Start of Records for processing
Lemma min_sub_sqr_le (R : realDomainType) (b z z' : R) :
  (Num.min b z - Num.min b z') ^+ 2 <= (z - z') ^+ 2.
Proof.
by case: (leP b z) => ?; case: (leP b z') => ?; rewrite ?subrr ?expr0n ?sqr_ge0 //=; nra.
Qed.

Lemma sketchable_of_unbiased_coords (R : realFieldType) (n k : nat) (b eps : R)
    (w : 'I_n -> R) (q : 'I_k -> {set 'I_n} -> R) (c d : 'I_k -> R) :
  (forall l t, 0 <= q l t) -> (forall l, \sum_t q l t = 1) ->
  (forall x, \sum_l mean (q l) (fun t => c l * (chi t x)%:R) = \sum_i w i * (x i)%:R) ->
  (forall x l, var (q l) (fun t => c l * (chi t x)%:R) <= d l) ->
  \sum_l d l <= eps ->
  approx_sketchable (budget_additive b w) eps k.
Proof.
move=> q_ge0 q_sum1 unbiased var_le_d sum_d_le.
exists (prod_distr q), (fun v : {ffun 'I_k -> bool} => Num.min b (\sum_l c l * (v l)%:R)).
split; first exact: prod_distr_is_distr.
move=> x; apply: le_trans sum_d_le; apply: le_trans (prod_distr_var_sum q_sum1 (var_le_d x)).
apply: ler_sum => S _; apply: ler_wpM2l; first by apply: prodr_ge0 => l _.
rewrite /budget_additive -unbiased sumrB.
under eq_bigr do rewrite ffunE.
exact: min_sub_sqr_le.
Qed.

Lemma sketchable_exact (R : realDomainType) (n k : nat) (f : {ffun 'I_n -> bool} -> R)
    (eps : R) (S0 : {ffun 'I_k -> {set 'I_n}}) (g : {ffun 'I_k -> bool} -> R) :
  0 <= eps -> (forall x, g (sketch S0 x) = f x) -> approx_sketchable f eps k.
Proof.
move=> eps_ge0 gS0; exists (fun S => (S == S0)%:R), g; split; first exact: point_mass_is_distr.
by move=> x; rewrite (sum_point_mass S0 (fun S => (g (sketch S x) - f x) ^+ 2)) gS0 subrr expr0n.
Qed.

Lemma sketchable_singletons (R : realDomainType) (n : nat) (b eps : R) (w : 'I_n -> R) :
  0 <= eps -> approx_sketchable (budget_additive b w) eps n.
Proof.
move=> eps_ge0; apply: (sketchable_exact (S0 := [ffun i => [set i]])
  (g := fun v : {ffun 'I_n -> bool} => Num.min b (\sum_i w i * (v i)%:R))) => // x.
by congr Num.min; apply: eq_bigr => i _; rewrite !ffunE /chi big_set1.
Qed.

Lemma l1norm_ge0 (R : realDomainType) (n : nat) (w : 'I_n -> R) : 0 <= l1norm w.
Proof. exact: sumr_ge0. Qed.

Lemma sketchable_zero_weights (R : realDomainType) (n : nat) (b eps : R) (w : 'I_n -> R) :
  0 <= eps -> l1norm w = 0 -> approx_sketchable (budget_additive b w) eps 0.
Proof.
move=> eps_ge0 /eqP; rewrite psumr_eq0 // => /allP w0.
apply: (sketchable_exact (S0 := [ffun l => set0]) (g := fun _ => Num.min b 0)) => // x.
rewrite /budget_additive big1 // => i _.
by have /normr0_eq0 -> := eqP (w0 i (mem_index_enum i)); rewrite mul0r.
Qed.

Definition singleton_distr (R : fieldType) (n : nat) (L : R) (v : 'I_n -> R)
    (t : {set 'I_n}) : R :=
  (\sum_i v i / L * (t == [set i])%:R) + (1 - \sum_i v i / L) * (t == set0)%:R.

Lemma mean_singleton_distr (R : fieldType) (n : nat) (L : R) (v : 'I_n -> R)
    (F : {set 'I_n} -> R) :
  mean (singleton_distr L v) F =
    (\sum_i v i / L * F [set i]) + (1 - \sum_i v i / L) * F set0.
Proof.
rewrite /mean /singleton_distr; under eq_bigr do rewrite mulrDl.
rewrite big_split /=; congr (_ + _); last first.
  by under eq_bigr do rewrite -mulrA; rewrite -mulr_sumr sum_point_mass.
under eq_bigr do rewrite mulr_suml.
rewrite exchange_big /=; apply: eq_bigr => i _.
by rewrite -(sum_point_mass [set i] F) mulr_sumr; apply: eq_bigr => t _; rewrite mulrA.
Qed.

Lemma mean_singleton_chi (R : fieldType) (n : nat) (L c : R) (v : 'I_n -> R)
    (x : {ffun 'I_n -> bool}) :
  mean (singleton_distr L v) (fun t => c * (chi t x)%:R) = c * (\sum_i v i * (x i)%:R) / L.
Proof.
rewrite mean_singleton_distr /chi big_set0 mulr0 mulr0 addr0 -mulrA mulr_suml mulr_sumr.
by apply: eq_bigr => i _; rewrite big_set1 mulrCA mulrAC.
Qed.

Section SingletonSampling.
Variables (R : realFieldType) (n : nat) (L : R) (v : 'I_n -> R).
Hypotheses (L_gt0 : 0 < L) (v_ge0 : forall i, 0 <= v i) (sum_v_le : \sum_i v i <= L).

Let sum_v_div_le1 : \sum_i v i / L <= 1.
Proof. by rewrite -mulr_suml ler_pdivrMr // mul1r. Qed.

Lemma singleton_distr_is_distr : is_distr (singleton_distr L v).
Proof.
split=> [t|].
  apply: addr_ge0; last by rewrite mulr_ge0 ?ler0n ?subr_ge0 ?sum_v_div_le1.
  by apply: sumr_ge0 => i _; rewrite mulr_ge0 ?ler0n ?divr_ge0 ?v_ge0 ?(ltW L_gt0).
transitivity (mean (singleton_distr L v) (fun _ => 1)).
  by rewrite /mean; under [RHS]eq_bigr do rewrite mulr1.
by rewrite mean_singleton_distr mulr1; under eq_bigr do rewrite mulr1; rewrite addrC subrK.
Qed.

(* A coordinate with values in {0, c} has variance at most c^2. *)
Lemma var_singleton_chi (c : R) (x : {ffun 'I_n -> bool}) :
  var (singleton_distr L v) (fun t => c * (chi t x)%:R) <= c ^+ 2.
Proof.
apply: var_le; first exact: singleton_distr_is_distr.
move=> t; rewrite mean_singleton_chi -mulrA -mulrBr exprMn -[leRHS]mulr1.
apply: ler_wpM2l; first exact: sqr_ge0.
set a := _ / L; have a_ge0 : 0 <= a.
  by rewrite divr_ge0 ?(ltW L_gt0) // sumr_ge0 // => i _; rewrite mulr_ge0 ?v_ge0.
have a_le1 : a <= 1.
  rewrite ler_pdivrMr // mul1r; apply: le_trans sum_v_le; apply: ler_sum => i _.
  by rewrite ler_piMr ?v_ge0 //; case: (x i).
by case: (chi t x); rewrite /=; nra.
Qed.

End SingletonSampling.

Lemma ceil_natP (R : archiRealDomainType) (y : R) :
  0 <= y -> exists2 M : nat, Num.ceil y = M%:Z & y <= M%:R.
Proof.
move=> y_ge0; have ceil_y_ge0 : 0 <= Num.ceil y.
  by rewrite ceil_ge0 (lt_le_trans _ y_ge0) // oppr_lt0.
exists `|Num.ceil y|%N; first by rewrite gez0_abs.
by rewrite natr_absz ger0_norm //; exact: ceil_ge.
Qed.

Definition pos_part (R : realDomainType) (n : nat) (w : 'I_n -> R) (i : 'I_n) : R :=
  Num.max (w i) 0.

Definition neg_part (R : realDomainType) (n : nat) (w : 'I_n -> R) (i : 'I_n) : R :=
  Num.max (- w i) 0.

Section PositiveNegativeParts.
Variables (R : realDomainType) (n : nat) (w : 'I_n -> R).

Lemma pos_sub_neg_part (i : 'I_n) : pos_part w i - neg_part w i = w i.
Proof.
rewrite /pos_part /neg_part; case: (leP 0 (w i)) => [w_ge0|w_lt0].
  by rewrite max_r ?subr0 // oppr_le0.
by rewrite max_l ?sub0r ?opprK // oppr_ge0 ltW.
Qed.

Lemma pos_part_ge0 (i : 'I_n) : 0 <= pos_part w i.
Proof. by rewrite le_max lexx orbT. Qed.
(* Let $e_1,\dots,e_p\in\mathbb{C}^m$ and $f_1,\dots,f_p\in\mathbb{C}^n$ be unit vectors with $[e_1]=[e_2]=\cdots=[e_p]$. Then the face $F$ of $S$ generated by the states $\{\omega_{e_i\otimes f_i}:1\le i\le p\}$ is also a face of $K$; namely it is the face of $K$ associated with the subspace $L=e_1\otimes\operatorname{Span}\{f_1,\dots,f_p\}$ of $\mathbb{C}^m\otimes\mathbb{C}^n$, and $F$ is affinely isomorphic to the state space of $\mathcal{B}(L)$.
   Context: $\mathcal{B}(\mathbb{C}^m\otimes\mathbb{C}^n)$ is identified with $\mathcal{B}(\mathbb{C}^m)\otimes\mathcal{B}(\mathbb{C}^n)$. $K$ denotes the state space of $\mathcal{B}(\mathbb{C}^m\otimes\mathbb{C}^n)$ and $S\subseteq K$ the convex set of separable states, i.e. convex combinations of product states $\omega\otimes\sigma$; equivalently, convex combinations of pure product states $\omega_{x\otimes y}$ ($x\in\mathbb{C}^m$, $y\in\mathbb{C}^n$ unit vectors), where $\omega_z(A)=(Az,z)$. $[x]$ denotes the line spanned by $x$. The face of a convex set generated by a subset is the smallest face containing it. The face of $K$ associated with a subspace $M$ of $\mathbb{C}^m\otimes\mathbb{C}^n$ with projection $Q$ is $\{\omega\in K:\omega(Q)=1\}$, the convex hull of vector states $\omega_z$, $z\in M$ a unit vector. *)

From HB Require Import structures.
From mathcomp Require Import all_boot all_order all_algebra all_field.
Set Implicit Arguments. Unset Strict Implicit. Unset Printing Implicit Defensive.
Import Order.TTheory GRing.Theory Num.Theory.
Local Open Scope ring_scope.

(* B(C^N) = 'M[algC]_N ; functionals on it *)
Definition fn (N : nat) := 'M[algC]_N -> algC.

Definition adj (m n : nat) (A : 'M[algC]_(m, n)) : 'M[algC]_(n, m) :=
  map_mx Num.conj (A^T).

Definition is_state (N : nat) (w : fn N) : Prop :=
  (forall (a : algC) (A B : 'M[algC]_N), w (a *: A + B) = a * w A + w B) /\
  (forall A : 'M[algC]_N, 0 <= w (adj A *m A)) /\
  w 1%:M = 1.

Definition K (N : nat) : fn N -> Prop := fun w => is_state w.

Definition vstate (N : nat) (z : 'cV[algC]_N) : fn N :=
  fun A => (adj z *m A *m z) 0 0.

Definition unitv (N : nat) (z : 'cV[algC]_N) : Prop := (adj z *m z) 0 0 = 1.

(* x (x) y in C^m (x) C^n = C^(m*n), via the library identification mxvec *)
Definition tensv (m n : nat) (x : 'cV[algC]_m) (y : 'cV[algC]_n) : 'cV[algC]_(m * n) :=
  (mxvec (x *m y^T))^T.

Definition Sep (m n : nat) : fn (m * n) -> Prop := fun w =>
  exists (k : nat) (l : 'I_k -> algC) (x : 'I_k -> 'cV[algC]_m) (y : 'I_k -> 'cV[algC]_n),
    (forall i, 0 <= l i) /\ \sum_(i < k) l i = 1 /\
    (forall i, unitv (x i) /\ unitv (y i)) /\
    (forall A, w A = \sum_(i < k) l i * vstate (tensv (x i) (y i)) A).

Definition cc (N : nat) (t : algC) (w1 w2 : fn N) : fn N :=
  fun A => t * w1 A + (1 - t) * w2 A.

Definition is_convex (N : nat) (C : fn N -> Prop) : Prop :=
  forall w1 w2 t, C w1 -> C w2 -> 0 <= t <= 1 -> C (cc t w1 w2).

Definition is_face (N : nat) (C F : fn N -> Prop) : Prop :=
  (forall w, F w -> C w) /\ is_convex F /\
  (forall w1 w2 t, C w1 -> C w2 -> 0 < t < 1 -> F (cc t w1 w2) -> F w1 /\ F w2).

Definition face_gen (N : nat) (C A : fn N -> Prop) : fn N -> Prop :=
  fun w => forall G, is_face C G -> (forall v, A v -> G v) -> G w.

Definition affine_iso (N M : nat) (F : fn N -> Prop) (G : fn M -> Prop) : Prop :=
  exists phi : fn N -> fn M,
    (forall w, F w -> G (phi w)) /\
    (forall w1 w2, F w1 -> F w2 -> phi w1 = phi w2 -> w1 = w2) /\
    (forall v, G v -> exists w, F w /\ phi w = v) /\
    (forall w1 w2 t, F w1 -> F w2 -> 0 <= t <= 1 ->
       phi (cc t w1 w2) = cc t (phi w1) (phi w2)).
End of Records for processing
> **Work to be completed**
Write down, word for word, the lines above from the one containing "Num.max (- w i) 0." through the one containing "Proof. by rewrite le_max lexx orbT. Qed.", both ends included.

> **Task solution**
  Num.max (- w i) 0.

Section PositiveNegativeParts.
Variables (R : realDomainType) (n : nat) (w : 'I_n -> R).

Lemma pos_sub_neg_part (i : 'I_n) : pos_part w i - neg_part w i = w i.
Proof.
rewrite /pos_part /neg_part; case: (leP 0 (w i)) => [w_ge0|w_lt0].
  by rewrite max_r ?subr0 // oppr_le0.
by rewrite max_l ?sub0r ?opprK // oppr_ge0 ltW.
Qed.

Lemma pos_part_ge0 (i : 'I_n) : 0 <= pos_part w i.
Proof. by rewrite le_max lexx orbT. Qed.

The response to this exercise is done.